_Task_
Which lines of the records below contain the word "false"? Report each of them in full.

_Dataset entries_
(* Let $R$ be a commutative ring with $2=0$, let $\mathcal{G}$ be the complete quadrilateral with points $a,b,c,x,y,z$ and lines $\ell_1=\{a,b,c\}$, $\ell_2=\{b,x,z\}$, $\ell_3=\{a,y,z\}$, $\ell_4=\{c,x,y\}$, and let $A=M_R(\mathcal{G},1)$. Put $\ell=\ell_1$ and $s=a+b+c+x+y+z$, and consider the $R$-basis $\mathcal{B}=(a,\ b,\ \ell,\ \ell x,\ \ell y,\ s)$ of $A$, where $\ell x=b+c+y+z$ and $\ell y=a+c+x+z$. For $\lambda\in R^\times$ and $i\in\{1,2,3,4\}$ let $\tau_{\ell_i,\lambda}=\mathrm{id}+(1+\lambda)\operatorname{ad}_{\ell_i}$. Then, with respect to $\mathcal{B}$ (the $j$-th column giving the coordinates of the image of the $j$-th basis vector), \[ \tau_{\ell_1,\lambda}=S_{0,0,\lambda},\quad \tau_{\ell_2,\lambda}=S_{1+\lambda,0,\lambda},\quad \tau_{\ell_3,\lambda}=S_{0,1+\lambda,\lambda},\quad \tau_{\ell_4,\lambda}=S_{1+\lambda,1+\lambda,\lambda}. \]
   Context: For distinct collinear points $p,q$ (written $p\sim q$), $p\wedge q$ is the third point of their line. The nilpotent Matsuo algebra $A=M_R(\mathcal{G},1)$ is the free $R$-module with basis the points and commutative bilinear product $p\cdot q=0$ if $p=q$ or $p\not\sim q$, $p\cdot q=p+q+p\wedge q$ if $p\sim q$; a line is identified with the sum of its three points, and $\operatorname{ad}_{\ell}(v)=\ell v$. For $\alpha,\beta\in R$, $M_{\alpha,\beta}=\begin{pmatrix}\alpha&0&\beta\\0&\beta&\alpha\\0&0&0\end{pmatrix}$, and for $\lambda\in R^\times$, $S_{\alpha,\beta,\lambda}$ is the $6\times6$ block matrix $\begin{pmatrix}I_3&O_3\\ M_{\alpha,\beta}&\operatorname{diag}(\lambda,\lambda,1)\end{pmatrix}$ with $I_3$ the identity and $O_3$ the zero $3\times3$ matrix. *)

From HB Require Import structures.
From mathcomp Require Import all_boot all_order all_algebra.
Set Implicit Arguments. Unset Strict Implicit. Unset Printing Implicit Defensive.
Import GRing.Theory.
Local Open Scope ring_scope.

Definition pt := 'I_6.
Definition pa : pt := inord 0.
Definition pb : pt := inord 1.
Definition pc : pt := inord 2.
Definition px : pt := inord 3.
Definition py : pt := inord 4.
Definition pz : pt := inord 5.

(* Lines l1 = {a,b,c}, l2 = {b,x,z}, l3 = {a,y,z}, l4 = {c,x,y}; index i : 'I_4 <-> l_(i+1). *)
Definition line (i : 'I_4) : {set pt} :=
  match val i with
  | 0 => [set pa; pb; pc]
  | 1 => [set pb; px; pz]
  | 2 => [set pa; py; pz]
  | _ => [set pc; px; py]
  end.

Definition collinear (p q : pt) : bool :=
  (p != q) && [exists i, (p \in line i) && (q \in line i)].

Definition wedge (p q : pt) : pt :=
  odflt p [pick r | [&& r != p, r != q & [exists i, [&& p \in line i, q \in line i & r \in line i]]]].

Section Matsuo.
Variable R : comPzRingType.

(* A = M_R(G,1): the free R-module with basis the points, elements as row vectors *)
Definition A := 'rV[R]_6.
Definition ept (p : pt) : A := delta_mx 0 p.

Definition pprod (p q : pt) : A :=
  if collinear p q then ept p + ept q + ept (wedge p q) else 0.

Definition amul (v w : A) : A :=
  \sum_(p : pt) \sum_(q : pt) (v 0 p * w 0 q) *: pprod p q.

Definition lineV (i : 'I_4) : A := \sum_(p in line i) ept p.

Definition ad (u v : A) : A := amul u v.

Definition tau (i : 'I_4) (lam : R) (v : A) : A := v + (1 + lam) *: ad (lineV i) v.

Definition sV : A := \sum_(p : pt) ept p.

Definition basisB (j : 'I_6) : A :=
  match val j with
  | 0 => ept pa
  | 1 => ept pb
  | 2 => lineV (inord 0)
  | 3 => amul (lineV (inord 0)) (ept px)
  | 4 => amul (lineV (inord 0)) (ept py)
  | _ => sV
  end.

Definition Mab (al be : R) : 'M[R]_3 :=
  \matrix_(i < 3, j < 3)
    match val i, val j with
    | 0, 0 => al | 0, 2 => be
    | 1, 1 => be | 1, 2 => al
    | _, _ => 0
    end.

Definition diag3 (lam : R) : 'M[R]_3 :=
  \matrix_(i < 3, j < 3) (if i == j then (if val i == 2%N then 1 else lam) else 0).

Definition Smx (al be lam : R) : 'M[R]_(3 + 3) :=
  block_mx 1%:M 0 (Mab al be) (diag3 lam).

Definition has_matrix (f : A -> A) (M : 'M[R]_(3 + 3)) : Prop :=
  forall j : 'I_6, f (basisB j) = \sum_(k < 6) M k j *: basisB k.

End Matsuo.

From mathcomp Require Import all_boot all_order all_algebra.
From mathcomp Require Import ring.
Import GRing.Theory.
Local Open Scope ring_scope.

(* Since [tau l lam = id + (1 + lam) ad_l], it suffices to find the matrix of
   [ad_l] on B.  It is [N(a, b) = [[0, 0], [M_{a,b}, diag(1, 1, 0)]]] with
   [a, b] in {0, 1}, and because [2 = 0] we get
   [1 + (1 + lam) N(a, b) = S_{(1+lam)a, (1+lam)b, lam}].  All vectors involved
   have natural-number coordinates, so the products in A, and hence the 24
   column identities for the four lines, reduce to a finite computation on
   [nat] checked modulo 2. *)

Definition lines_nat : seq (seq nat) :=
  [:: [:: 0; 1; 2]; [:: 1; 3; 5]; [:: 0; 4; 5]; [:: 2; 3; 4]]%N.

Lemma mem_line (i : 'I_4) (p : pt) : (p \in line i) = (val p \in nth [::] lines_nat i).
Proof.
by case: i => [[|[|[|[|i]]]] hi] //=; rewrite !inE -!(inj_eq val_inj) /= !inordK // -orbA.
Qed.

Lemma exists_line_has (P : seq nat -> bool) :
  [exists i : 'I_4, P (nth [::] lines_nat i)] = has P lines_nat.
Proof.
apply/existsP/(has_nthP [::]) => [[i Pi] | [i lt_i4 Pi]]; first by exists i.
by exists (Ordinal lt_i4).
Qed.

Definition collinear_nat (p q : nat) : bool :=
  (p != q) && has (fun l => (p \in l) && (q \in l)) lines_nat.

Lemma collinearE (p q : pt) : collinear p q = collinear_nat p q.
Proof.
rewrite /collinear /collinear_nat -val_eqE -exists_line_has.
by congr (_ && _); apply: eq_existsb => i; rewrite !mem_line.
Qed.

Definition third_nat (p q r : nat) : bool :=
  [&& r != p, r != q & has (fun l => [&& p \in l, q \in l & r \in l]) lines_nat].

Definition wedge_nat (p q : nat) : nat := head 0%N [seq r <- iota 0 6 | third_nat p q r].

Lemma all_iota_pt {P : nat -> bool} : all P (iota 0 6) -> forall p : pt, P p.
Proof. by move/allP=> allP p; apply: allP; rewrite mem_iota ltn_ord. Qed.

Definition wedge_table_ok : bool :=
  all (fun p => all (fun q => collinear_nat p q ==>
    [&& wedge_nat p q < 6, third_nat p q (wedge_nat p q)
      & all (fun r => third_nat p q r ==> (r == wedge_nat p q)) (iota 0 6)])%N
    (iota 0 6)) (iota 0 6).

Lemma wedge_table_valid : wedge_table_ok.
Proof. by vm_compute. Qed.

Lemma wedge_natE (p q : pt) : collinear p q -> val (wedge p q) = wedge_nat p q.
Proof.
rewrite collinearE => pq.
have /and3P[lt_w6 third_w uniq_w] :=
  implyP (all_iota_pt (all_iota_pt wedge_table_valid p) q) pq.
have third_natE (r : pt) :
    [&& r != p, r != q & [exists i, [&& p \in line i, q \in line i & r \in line i]]]
    = third_nat p q r.
  rewrite /third_nat -!val_eqE -exists_line_has; congr [&& _, _ & _].
  by apply: eq_existsb => i; rewrite !mem_line.
rewrite /wedge; case: pickP => [r | no_third] /=.
  by rewrite third_natE => /(implyP (all_iota_pt uniq_w r))/eqP.
by have := no_third (Ordinal lt_w6); rewrite third_natE third_w.
Qed.

Definition nsum6 (G : nat -> nat) : nat := foldr (fun p s => G p + s)%N 0%N (iota 0 6).

Definition pprod_nat (p q k : nat) : nat :=
  if collinear_nat p q then ((p == k) + (q == k) + (wedge_nat p q == k))%N else 0%N.

Definition amul_nat (f g : nat -> nat) (k : nat) : nat :=
  nsum6 (fun p => nsum6 (fun q => f p * g q * pprod_nat p q k))%N.

Definition point_nat (p k : nat) : nat := p == k.
Definition line_nat (i k : nat) : nat := k \in nth [::] lines_nat i.

Definition basis_nat (j : nat) : nat -> nat :=
  match j with
  | 0 => point_nat 0
  | 1 => point_nat 1
  | 2 => line_nat 0
  | 3 => amul_nat (line_nat 0) (point_nat 3)
  | 4 => amul_nat (line_nat 0) (point_nat 4)
  | _ => fun _ => 1%N
  end.

Section NatCoordinates.
Variable R : comPzRingType.

Definition vec (f : nat -> nat) : A R := \row_(k < 6) (f k)%:R.

Lemma natr_sum6 (G : nat -> nat) : \sum_(p < 6) (G p)%:R = (nsum6 G)%:R :> R.
Proof. by rewrite -natr_sum -(big_mkord xpredT G) unlock. Qed.

Lemma sum_scale_vec (c : nat -> nat) (g : nat -> nat -> nat) :
  \sum_(k < 6) (c k)%:R *: vec (g k) = vec (fun m => nsum6 (fun k => c k * g k m))%N.
Proof.
apply/rowP => m; rewrite summxE mxE -natr_sum6.
by apply: eq_bigr => k _; rewrite !mxE natrM.
Qed.

Lemma ept_vec (p : pt) : ept R p = vec (point_nat p).
Proof. by apply/rowP => k; rewrite !mxE eqxx eq_sym. Qed.

Lemma lineV_vec (i : 'I_4) : lineV R i = vec (line_nat i).
Proof.
apply/rowP => k; rewrite summxE mxE /line_nat -mem_line big_mkcond (bigD1 k) //=.
rewrite big1 => [|p /negbTE ne_pk]; first by rewrite mxE !eqxx addr0; case: (k \in _).
by case: ifP => // _; rewrite !mxE eqxx eq_sym ne_pk.
Qed.

Lemma sV_vec : sV R = vec (fun _ => 1%N).
Proof.
apply/rowP => k; rewrite summxE (bigD1 k) //= big1 => [|p /negbTE ne_pk].
  by rewrite !mxE !eqxx addr0.
by rewrite !mxE eqxx eq_sym ne_pk.
Qed.

Lemma pprod_vec (p q : pt) : pprod R p q = vec (pprod_nat p q).
Proof.
rewrite /pprod /pprod_nat collinearE; case: ifP => pq; last by apply/rowP => k; rewrite !mxE.
rewrite !ept_vec; apply/rowP => k; rewrite !mxE !natrD.
by rewrite /point_nat wedge_natE ?collinearE.
Qed.

Lemma amul_vec (f g : nat -> nat) : amul (vec f) (vec g) = vec (amul_nat f g).
Proof.
apply/rowP => k; rewrite /amul summxE mxE -natr_sum6; apply: eq_bigr => p _.
rewrite summxE -natr_sum6; apply: eq_bigr => q _.
by rewrite pprod_vec !mxE !natrM.
Qed.

Lemma basisB_vec (j : 'I_6) : basisB R j = vec (basis_nat j).
Proof.
case: j => [[|[|[|[|[|[|j]]]]]] hj] //=;
  by rewrite /basisB /= ?ept_vec ?lineV_vec ?sV_vec ?amul_vec ?inordK.
Qed.
End NatCoordinates.

Definition ad_coef (a b : bool) (k j : nat) : nat :=
  match k, j with
  | 3, 0 | 4, 2 => a
  | 3, 2 | 4, 1 => b
  | 3, 3 | 4, 4 => 1
  | _, _ => 0
  end%N.

Definition ad_table_ok (i : nat) (a b : bool) : bool :=
  all (fun j => all (fun m =>
    amul_nat (line_nat i) (basis_nat j) m == nsum6 (fun k => ad_coef a b k j * basis_nat k m)
    %[mod 2]) (iota 0 6)) (iota 0 6).

Section Matrices.
Variable R : comPzRingType.

Definition ad_mx (a b : bool) : 'M[R]_(3 + 3) := \matrix_(k, j) (ad_coef a b k j)%:R.

Lemma tau_has_matrix (i : 'I_4) (lam : R) (N : 'M[R]_(3 + 3)) :
  has_matrix (ad (lineV R i)) N -> has_matrix (tau i lam) (1%:M + (1 + lam) *: N).
Proof.
move=> adN j; rewrite /tau adN scaler_sumr.
have -> : basisB R j = \sum_k (1%:M : 'M[R]_(3 + 3)) k j *: basisB R k.
  rewrite (bigD1 j) //= big1 => [|k /negbTE ne_kj]; first by rewrite mxE eqxx scale1r addr0.
  by rewrite mxE ne_kj scale0r.
by rewrite -big_split; apply: eq_bigr => k _ /=; rewrite !mxE scalerA -scalerDl.
Qed.

Hypothesis two0 : 2%:R = 0 :> R.

Lemma natr_mod2 (n : nat) : n%:R = (n %% 2)%:R :> R.
Proof. by rewrite {1}(divn_eq n 2) natrD natrM two0 mulr0 add0r. Qed.

Lemma vec_mod2 (f g : nat -> nat) : (forall k : pt, f k = g k %[mod 2]) -> vec R f = vec R g.
Proof. by move=> fg; apply/rowP => k; rewrite !mxE natr_mod2 fg -natr_mod2. Qed.

Lemma ad_line_has_matrix (i : 'I_4) (a b : bool) :
  ad_table_ok i a b -> has_matrix (ad (lineV R i)) (ad_mx a b).
Proof.
move=> ok j; rewrite /ad lineV_vec basisB_vec amul_vec.
under eq_bigr => k _ do rewrite basisB_vec mxE.
rewrite (sum_scale_vec R (fun k => ad_coef a b k j)); apply: vec_mod2 => m.
exact/eqP/(all_iota_pt (all_iota_pt ok j) m).
Qed.

Lemma Smx_ad_mx (lam : R) (a b : bool) :
  Smx ((1 + lam) *+ a) ((1 + lam) *+ b) lam = 1%:M + (1 + lam) *: ad_mx a b.
Proof.
apply/matrixP => k j; rewrite /Smx /block_mx !mxE.
case: splitP => k' hk; rewrite mxE; case: splitP => j' hj;
  rewrite !mxE -[k == j]/(k == j :> nat) hk hj;
  case: k' {hk} j' {hj} => [[|[|[|?]]] ?] // [[|[|[|?]]] ?] //;
  by case: a; case: b; rewrite /= ?mulr0n ?mulr1n; ring: two0.
Qed.
End Matrices.

Theorem lemma6p9 (R : comUnitRingType) (h2 : (2%:R : R) = 0) (lam : R)
    (hlam : lam \is a GRing.unit) :
  [/\ has_matrix (tau (inord 0) lam) (Smx 0 0 lam),
      has_matrix (tau (inord 1) lam) (Smx (1 + lam) 0 lam),
      has_matrix (tau (inord 2) lam) (Smx 0 (1 + lam) lam)
    & has_matrix (tau (inord 3) lam) (Smx (1 + lam) (1 + lam) lam)].
Proof.
have tau_Smx (i : 'I_4) (a b : bool) : ad_table_ok i a b ->
    has_matrix (tau i lam) (Smx ((1 + lam) *+ a) ((1 + lam) *+ b) lam).
  by move=> ok; rewrite Smx_ad_mx //; apply/tau_has_matrix/ad_line_has_matrix.
split; [apply: (tau_Smx _ false false) | apply: (tau_Smx _ true false)
       | apply: (tau_Smx _ false true) | apply: (tau_Smx _ true true)];
  by rewrite inordK //; vm_compute.
Qed.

_Your solution_
split; [apply: (tau_Smx _ false false) | apply: (tau_Smx _ true false)
       | apply: (tau_Smx _ false true) | apply: (tau_Smx _ true true)];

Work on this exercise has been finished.